BEGIN Supplied data

Lemma Cfun_incr x y : 0 <= x -> x < y -> y <= Sphi phi -> Cfun x phi < Cfun y phi.
Proof.
  destruct Sphi_spec as [HS _].
  apply (strict_incr_of_deriv (fun t => Cfun t phi) Cder 0 (Sphi phi)).
  - intros c Hc. apply Cfun_deriv; lra.
  - intros c Hc. apply Cder_pos; lra.
Qed.

Lemma Cfun_decr x y : Sphi phi <= x -> x < y -> y < phi -> Cfun y phi < Cfun x phi.
Proof.
  intros Hx Hxy Hy. destruct Sphi_spec as [HS _].
  apply (strict_decr_of_deriv (fun t => Cfun t phi) Cder (Sphi phi) y); try lra.
  - intros c Hc. apply Cfun_deriv; lra.
  - intros c Hc. apply Cder_neg; lra.
Qed.

Lemma Cfun_cont c : 0 <= c < phi -> continuity_pt (fun t => Cfun t phi) c.
Proof. intro Hc. exact (continuity_of_deriv _ _ _ (Cfun_deriv c Hc)). Qed.

Lemma Cfun_0 : Cfun 0 phi = 0.
Proof. unfold Cfun, Rdiv. ring. Qed.

Lemma Cfun_Sphi : Cfun (Sphi phi) phi = Mphi phi.
Proof.
  destruct Sphi_spec as [HS HSeq]. unfold Sres in HSeq.
  assert (Hs : sin (Sphi phi - phi) < 0) by (apply sin_shift_neg; lra).
  replace (2 * Sphi phi - 2 * phi) with (2 * (Sphi phi - phi)) in HSeq by ring.
  rewrite sin_2a in HSeq.
  unfold Mphi, Cfun.
  replace (Sphi phi) with (sin (Sphi phi - phi) * cos (Sphi phi - phi)) at 1 by lra.
  field. lra.
Qed.

Lemma Cfun_le_M t : 0 <= t < phi -> Cfun t phi <= Mphi phi.
Proof.
  intro Ht. rewrite <- Cfun_Sphi.
  destruct (Rtotal_order t (Sphi phi)) as [H|[H|H]].
  - left. apply Cfun_incr; lra.
  - subst; lra.
  - left. apply Cfun_decr; lra.
Qed.

(* M(phi) > 0, so the lower branch C1inv is defined on [0, M(phi)]. *)
Lemma Mphi_pos : 0 < Mphi phi.
Proof.
  destruct Sphi_spec as [HS _]. rewrite <- Cfun_Sphi, <- Cfun_0. apply Cfun_incr; lra.
Qed.

(* C(theta; phi) -> -oo as theta -> phi: explicitly at theta = phi - v, v small. *)
Lemma Cfun_unbounded K : exists t, Sphi phi < t < phi /\ Cfun t phi < - K.
Proof.
  destruct Sphi_spec as [HS _]. assert (HPI := PI_RGT_0).
  set (m := Rmin (Rmin (phi - Sphi phi) (PI / 3)) (phi / 2)).
  assert (Hm1 : m <= phi - Sphi phi) by (unfold m; eapply Rle_trans; apply Rmin_l).
  assert (Hm2 : m <= PI / 3) by (unfold m; eapply Rle_trans; [apply Rmin_l|apply Rmin_r]).
  assert (Hm3 : m <= phi / 2) by (unfold m; apply Rmin_r).
  assert (Hm0 : 0 < m) by (unfold m; repeat apply Rmin_pos; lra).
  assert (HK := Rle_abs K). assert (HK0 := Rabs_pos K).
  set (v := m / (2 + 4 * Rabs K)).
  assert (Hv1 : v * (2 + 4 * Rabs K) = m) by (unfold v; field; lra).
  assert (Hv0 : 0 < v) by nra.
  assert (Hvm : 2 * v <= m) by nra.
  assert (Hsin : 0 < sin v < v) by (split; [apply sin_gt_0|apply sin_lt_x]; nra).
  assert (Hcos : 1 / 2 <= cos v).
  { rewrite <- cos_PI3. destruct (Req_dec v (PI / 3)) as [->|]; [lra|].
    left. apply cos_decreasing_1; nra. }
  exists (phi - v). split; [nra|].
  unfold Cfun. replace (phi - v - phi) with (- v) by ring. rewrite sin_neg, cos_neg.
  assert (Hnum : phi / 4 <= (phi - v) * cos v) by nra.
  assert (Hbound : K * sin v < (phi - v) * cos v) by nra.
  apply Ropp_lt_cancel. replace (- ((phi - v) * cos v / - sin v)) with ((phi - v) * cos v / sin v)
    by (field; lra).
  apply Rmult_lt_reg_r with (sin v); [lra|]. field_simplify; lra.
Qed.
Definition arc_tail (a : arc) : option slot :=
  match a with
  | inl (s, k, i, j) => if E i j then Some (s, i) else None
  | inr v => Some v
  end.

Definition arc_head (a : arc) : option slot :=
  match a with
  | inl (s, k, i, j) => if E i j then slot_after s k j else None
  | inr (t, i) => slot_after t 1 i
  end.

Local Notation net := (netflow arc_head arc_tail).

Lemma slot_after_eq s k i (t : 'I_T) i' :
  (slot_after s k i == Some (t, i')) = ((s + k)%N == t) && (i == i').
Proof.
rewrite /slot_after; case: insubP => [u _ uE|sk_ge] /=.
  by rewrite (inj_eq Some_inj) xpair_eqE -val_eqE uE.
by apply/esym/andP => -[/eqP skt _]; rewrite skt ltn_ord in sk_ge.
Qed.

Lemma sum_journeys (F : journey -> R) :
  \sum_p F p = \sum_(s < T) \sum_(k < K.+1) \sum_i \sum_j F (s, k, i, j).
Proof. by rewrite !pair_bigA; apply: eq_bigr => -[[[s k] i] j]. Qed.

Lemma sum_shift (g : nat -> R) (t : 'I_T) k :
  \sum_(s < T | (s + k)%N == t) g s = if (k <= t)%N then g (t - k)%N else 0.
Proof.
case: leqP => [kt|tk]; last by rewrite big1 // => s /eqP; lia.
have tk_lt : (t - k < T)%N by rewrite (leq_ltn_trans (leq_subr _ _)).
by rewrite (big_pred1 (Ordinal tk_lt)) // => s; rewrite /= -val_eqE /=; apply/eqP/eqP; lia.
Qed.

Definition arrivals (x : arc -> R) (t : 'I_T) (i : N) : R :=
  \sum_(k < K.+1) \sum_(j | E j i) \sum_(s < T | (s + k)%N == t) x (inl (s, k, j, i)).

Definition departures (x : arc -> R) (t : 'I_T) (i : N) : R :=
  \sum_(k < K.+1) \sum_(j | E i j) x (inl (t, k, i, j)).

Definition carried_in (x : arc -> R) (t : 'I_T) (i : N) : R :=
  \sum_(s < T | (s + 1)%N == t) x (inr (s, i)).

Lemma sum_journey_heads x t i :
  \sum_p (arc_head (inl p) == Some (t, i))%:R * x (inl p) = arrivals x t i.
Proof.
rewrite sum_journeys exchange_big; apply: eq_bigr => k _.
rewrite exchange_big /= [RHS]big_mkcond; apply: eq_bigr => j _.
have head_at s :
    \sum_i' (arc_head (inl (s, k, j, i')) == Some (t, i))%:R * x (inl (s, k, j, i')) =
    if E j i && ((s + k)%N == t) then x (inl (s, k, j, i)) else 0.
  rewrite (bigD1 i) //= big1 => [|i' i'i]; last first.
    by case: (E j i'); rewrite ?slot_after_eq ?(negbTE i'i) ?andbF /= ?mul0r.
  by case: (E j i); rewrite ?slot_after_eq ?eqxx ?andbT /= ?mulr_natl ?mulrb ?mulr0n ?addr0.
rewrite (eq_bigr _ (fun s _ => head_at s)); case: (E j i); last by rewrite big1.
by rewrite -big_mkcond.
Qed.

END Supplied data

Each line above that contains "intros" counts once; report the total of such lines and nothing more.

5